(* Let $(G,\omega)$ be a weighted graph of genus $g=g(G,\omega)$. Then: (1) for every $D\in\operatorname{Div}(G,\omega)$, $r_{(G,\omega)}(D)-r_{(G,\omega)}(K_{(G,\omega)}-D)=\deg D-g+1$; (2) for every $D,D'\in\operatorname{Div}(G)$ with $D\sim D'$ (linear equivalence on $G$), $r_{(G,\omega)}(D)=r_{(G,\omega)}(D')$.
   Context: Graphs are finite and connected, loops and multiple edges allowed. $\operatorname{Div}(G)$ is the free abelian group on $V(G)$. Define $(v\cdot w)$ as the number of edges joining $v,w$ if $v\ne w$, and $(v\cdot v)=-\operatorname{val}(v)+2\operatorname{loop}(v)$ (valency with loops counted twice). $T_v=\sum_w(v\cdot w)w$, $\operatorname{Prin}(G)$ is generated by the $T_v$, $D\sim D'$ iff $D-D'\in\operatorname{Prin}(G)$. The rank $r_G(D)$ is $-1$ if no effective divisor is equivalent to $D$, and otherwise the maximum $k\ge0$ such that for every effective $E$ of degree $k$ some effective divisor is equivalent to $D-E$. For a graph $H$ with loops, $\widehat H$ is obtained by inserting one new vertex in each loop-edge, and $r^{\#}_H(D):=r_{\widehat H}(D)$ (divisor extended by zero). A weighted graph is a pair $(G,\omega)$ with $\omega:V(G)\to\mathbb{Z}_{\ge0}$; its genus is $g(G,\omega)=b_1(G)+\sum_v\omega(v)$, where $b_1(G)=|E|-|V|+1$. The virtual graph $G^\omega$ is obtained from $G$ by attaching $\omega(v)$ new loops at each vertex $v$; $V(G^\omega)=V(G)$ and $\operatorname{Div}(G,\omega):=\operatorname{Div}(G^\omega)=\operatorname{Div}(G)$. Set $K_{(G,\omega)}=\sum_{v}(\operatorname{val}_{G^\omega}(v)-2)v$ and $r_{(G,\omega)}(D):=r^{\#}_{G^\omega}(D)$. *)

From HB Require Import structures.
From mathcomp Require Import all_boot all_order all_algebra.
From Stdlib Require Import ClassicalEpsilon.
Set Implicit Arguments. Unset Strict Implicit. Unset Printing Implicit Defensive.
Import Order.TTheory GRing.Theory Num.Theory.
Local Open Scope ring_scope.

(* A finite multigraph: vertex set, edge set, and the (unordered) pair of
   endpoints of each edge, recorded as an ordered pair. A loop is an edge
   whose two endpoints coincide. *)
Record mgraph := MGraph {
  vtx : finType;
  edg : finType;
  ends : edg -> vtx * vtx
}.

Section Graph.
Variable G : mgraph.

Definition is_loop (e : edg G) : bool := (ends e).1 == (ends e).2.

Definition adj (v w : vtx G) : bool :=
  [exists e : edg G, (ends e == (v, w)) || (ends e == (w, v))].

Definition connected : Prop :=
  (0 < #|vtx G|)%N /\ forall v w : vtx G, connect adj v w.

(* valency, loops counted twice *)
Definition valency (v : vtx G) : nat :=
  (\sum_(e : edg G) (((ends e).1 == v) + ((ends e).2 == v)))%N.

Definition nloops (v : vtx G) : nat := #|[pred e : edg G | ends e == (v, v)]|.

Definition inter (v w : vtx G) : int :=
  if v == w then - (valency v)%:Z + 2 * (nloops v)%:Z
  else (#|[pred e : edg G | (ends e == (v, w)) || (ends e == (w, v))]|)%:Z.

Definition divisor := vtx G -> int.

Definition deg (D : divisor) : int := \sum_(v : vtx G) D v.

Definition effective (D : divisor) : Prop := forall v, 0 <= D v.

Definition Tdiv (v : vtx G) : divisor := fun w => inter v w.

Definition principal (P : divisor) : Prop :=
  exists c : vtx G -> int, forall w, P w = \sum_(v : vtx G) c v * Tdiv v w.

Definition lin_equiv (D D' : divisor) : Prop :=
  principal (fun w => D w - D' w).

Definition equiv_effective (D : divisor) : Prop :=
  exists F : divisor, effective F /\ lin_equiv D F.

Definition rank_prop (D : divisor) (k : nat) : Prop :=
  forall E : divisor, effective E -> deg E = k%:Z ->
    equiv_effective (fun v => D v - E v).

Definition is_rank (D : divisor) (r : int) : Prop :=
  (~ equiv_effective D /\ r = -1) \/
  (equiv_effective D /\ exists k : nat, r = k%:Z /\ rank_prop D k /\
      forall k' : nat, rank_prop D k' -> (k' <= k)%N).

Definition rank (D : divisor) : int :=
  epsilon (inhabits 0) (is_rank D).

End Graph.

(* \hat H : insert one new vertex in each loop-edge of H *)
Definition loop_edge (H : mgraph) := {e : edg H | is_loop e}.

Definition hat_ends (H : mgraph) (e : (edg H + loop_edge H)%type)
  : (vtx H + loop_edge H) * (vtx H + loop_edge H) :=
  match e with
  | inl e0 =>
      match (insub e0 : option (loop_edge H)) with
      | Some l => (inl (ends e0).1, inr l)
      | None => (inl (ends e0).1, inl (ends e0).2)
      end
  | inr l => (inr l, inl (ends (val l)).1)
  end.

Definition hat (H : mgraph) : mgraph :=
  @MGraph (vtx H + loop_edge H)%type (edg H + loop_edge H)%type (@hat_ends H).

Definition hat_ext (H : mgraph) (D : divisor H) : divisor (hat H) :=
  fun x => match x with inl v => D v | inr _ => 0 end.

Definition rank_sharp (H : mgraph) (D : divisor H) : int :=
  rank (hat_ext D).

Definition new_loops (G : mgraph) (om : vtx G -> nat) :=
  {v : vtx G & 'I_(om v)}.

Definition virt_ends (G : mgraph) (om : vtx G -> nat)
  (e : (edg G + new_loops om)%type) : vtx G * vtx G :=
  match e with
  | inl e0 => ends e0
  | inr l => (tag l, tag l)
  end.

(* the virtual graph G^omega: omega(v) new loops attached at v *)
Definition virt (G : mgraph) (om : vtx G -> nat) : mgraph :=
  @MGraph (vtx G) (edg G + new_loops om)%type (@virt_ends G om).

Definition b1 (G : mgraph) : int := (#|edg G|)%:Z - (#|vtx G|)%:Z + 1.

Definition wgenus (G : mgraph) (om : vtx G -> nat) : int :=
  b1 G + \sum_(v : vtx G) (om v)%:Z.

Definition wcanonical (G : mgraph) (om : vtx G -> nat) : divisor G :=
  fun v => (@valency (virt om) v)%:Z - 2.

Definition wrank (G : mgraph) (om : vtx G -> nat) (D : divisor G) : int :=
  @rank_sharp (virt om) D.

(* The rank on (G, omega) is the rank on the loopless connected graph obtained from G^omega by
   subdividing every loop. Subdivision vertices are 2-valent, so the canonical divisor of that
   graph is K_(G,omega) extended by zero; its first Betti number is g(G, omega), and principal
   divisors of G extend to principal ones. It thus suffices to prove Riemann-Roch for a connected
   loopless graph.

   There we follow Baker-Norine and Cori-Le Borgne. An injective pi : V -> Z orders the
   vertices, and nu_pi(v), the number of edges from v to pi-earlier vertices minus one, has
   degree g - 1 and satisfies nu_pi + nu_(-pi) = K. No nu_pi is equivalent to an effective
   divisor: look where a firing script is minimal. Dhar's burning algorithm, run on a q-reduced
   representative, shows that every D is equivalent to an effective divisor or nu_pi - D is,
   for some pi. Hence r(D) + 1 is the least value of deg^+(D' - nu_pi) over D' ~ D and all pi,
   and reversing pi together with deg^+(X) - deg^+(-X) = deg X yields
   r(D) - r(K - D) = deg D - g + 1. *)

From HB Require Import structures.
From mathcomp Require Import all_boot all_order all_algebra.
From Stdlib Require Import Classical ClassicalEpsilon FunctionalExtensionality PropExtensionality.
From mathcomp Require Import zify ring.
Set Implicit Arguments. Unset Strict Implicit. Unset Printing Implicit Defensive.
Import Order.TTheory GRing.Theory Num.Theory.
Local Open Scope ring_scope.


Lemma sum_pred1_nat (T : finType) (b : T) : (\sum_(w : T) ((w == b) : nat) = 1)%N.
Proof. by rewrite (bigD1 b) //= eqxx big1 // => w /negbTE ->. Qed.

Lemma card_predE_sum (T : finType) (P : pred T) : #|[pred x | P x]| = (\sum_x (P x : nat))%N.
Proof. by rewrite -sum1_card big_mkcond /=; apply: eq_bigr => x _; rewrite inE; case: (P x). Qed.

Lemma sum_delta (T : finType) (q : T) (c : int) : \sum_(v : T) (v == q)%:Z * c = c.
Proof.
by rewrite (bigD1 q) //= eqxx mul1r big1 ?addr0 // => v /negbTE ->; rewrite mul0r.
Qed.

Lemma ler_sum_term (T : finType) (F : T -> int) i :
  (forall j, 0 <= F j) -> F i <= \sum_j F j.
Proof. by move=> F0; rewrite (bigD1 i) //= lerDl sumr_ge0. Qed.

Lemma leq_sum_subpred (T : finType) (P Q : pred T) (F : T -> nat) :
  (forall x, P x -> Q x) -> (\sum_(x | P x) F x <= \sum_(x | Q x) F x)%N.
Proof.
move=> PQ; rewrite big_mkcond [X in (_ <= X)%N]big_mkcond /=; apply: leq_sum => x _.
by case: ifP => // /PQ ->.
Qed.

Lemma ex_minn_prop (P : nat -> Prop) :
  (exists n, P n) -> exists n, P n /\ forall m, P m -> (n <= m)%N.
Proof.
pose b n := if excluded_middle_informative (P n) then true else false.
have bP n : reflect (P n) (b n) by rewrite /b; case: excluded_middle_informative; constructor.
move=> [n Pn]; have ex_b : exists n, b n by exists n; apply/bP.
case: (ex_minnP ex_b) => m /bP Pm min_m; exists m; split=> // k /bP; exact: min_m.
Qed.

Section EdgeMultiplicity.
Variable G : mgraph.
Implicit Types v w : vtx G.

Definition edge_mult v w : nat :=
  #|[pred e : edg G | (ends e == (v, w)) || (ends e == (w, v))]|.

Definition adjm v w : nat := if v == w then 0%N else edge_mult v w.

Definition loopfree_valency v : nat := (\sum_w adjm v w)%N.

Lemma edge_multC v w : edge_mult v w = edge_mult w v.
Proof. by apply: eq_card => e; rewrite !inE orbC. Qed.

Lemma adjmC v w : adjm v w = adjm w v.
Proof. by rewrite /adjm eq_sym edge_multC. Qed.

Lemma adjmii v : adjm v v = 0%N.
Proof. by rewrite /adjm eqxx. Qed.

Lemma loopfree_valencyE w : loopfree_valency w = (\sum_v adjm v w)%N.
Proof. by apply: eq_bigr => v _; rewrite adjmC. Qed.

Lemma valencyE v : valency v = (loopfree_valency v + 2 * nloops v)%N.
Proof.
rewrite /valency /loopfree_valency /nloops card_predE_sum.
have -> : (\sum_w adjm v w = \sum_w \sum_e
    ((w != v) && ((ends e == (v, w)) || (ends e == (w, v))) : nat))%N.
  apply: eq_bigr => w _; rewrite /adjm /edge_mult card_predE_sum eq_sym.
  by case: (w == v) => //=; rewrite big1.
rewrite exchange_big /= big_distrr -big_split /=; apply: eq_bigr => e _.
case: (ends e) => a b /=.
under eq_bigr do rewrite !xpair_eqE.
rewrite xpair_eqE.
have [av|av] := eqVneq a v; have [bv|bv] := eqVneq b v => /=.
- by rewrite big1 // => w _; rewrite av bv; case: (eqVneq w v).
- rewrite muln0 addn0 (eq_bigr (fun w => (w == b) : nat)) ?sum_pred1_nat // => w _.
  by rewrite andbF orbF; case: (eqVneq w b) => [->|wb]; rewrite ?bv ?andbF.
- rewrite muln0 addn0 (eq_bigr (fun w => (w == a) : nat)) ?sum_pred1_nat // => w _.
  by rewrite andbT; case: (eqVneq w a) => [->|wa]; rewrite ?av ?andbF.
- by rewrite muln0 addn0 big1 // => w _; rewrite !andbF.
Qed.

Lemma interE v w : inter v w = (adjm v w)%:Z - (v == w)%:Z * (loopfree_valency v)%:Z.
Proof.
rewrite /inter /adjm; case: (eqVneq v w) => [_|_] /=; last by rewrite mul0r subr0.
by rewrite valencyE PoszD PoszM mul1r; lia.
Qed.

▶ What the task requires: Please give again the lines above between the line holding "(equiv_effective D /\" and the line holding "(* \hat H : insert", inclusive, exactly as they are and with nothing added.

▶ Answer to this exercise:
  (equiv_effective D /\ exists k : nat, r = k%:Z /\ rank_prop D k /\
      forall k' : nat, rank_prop D k' -> (k' <= k)%N).

Definition rank (D : divisor) : int :=
  epsilon (inhabits 0) (is_rank D).

End Graph.

(* \hat H : insert one new vertex in each loop-edge of H *)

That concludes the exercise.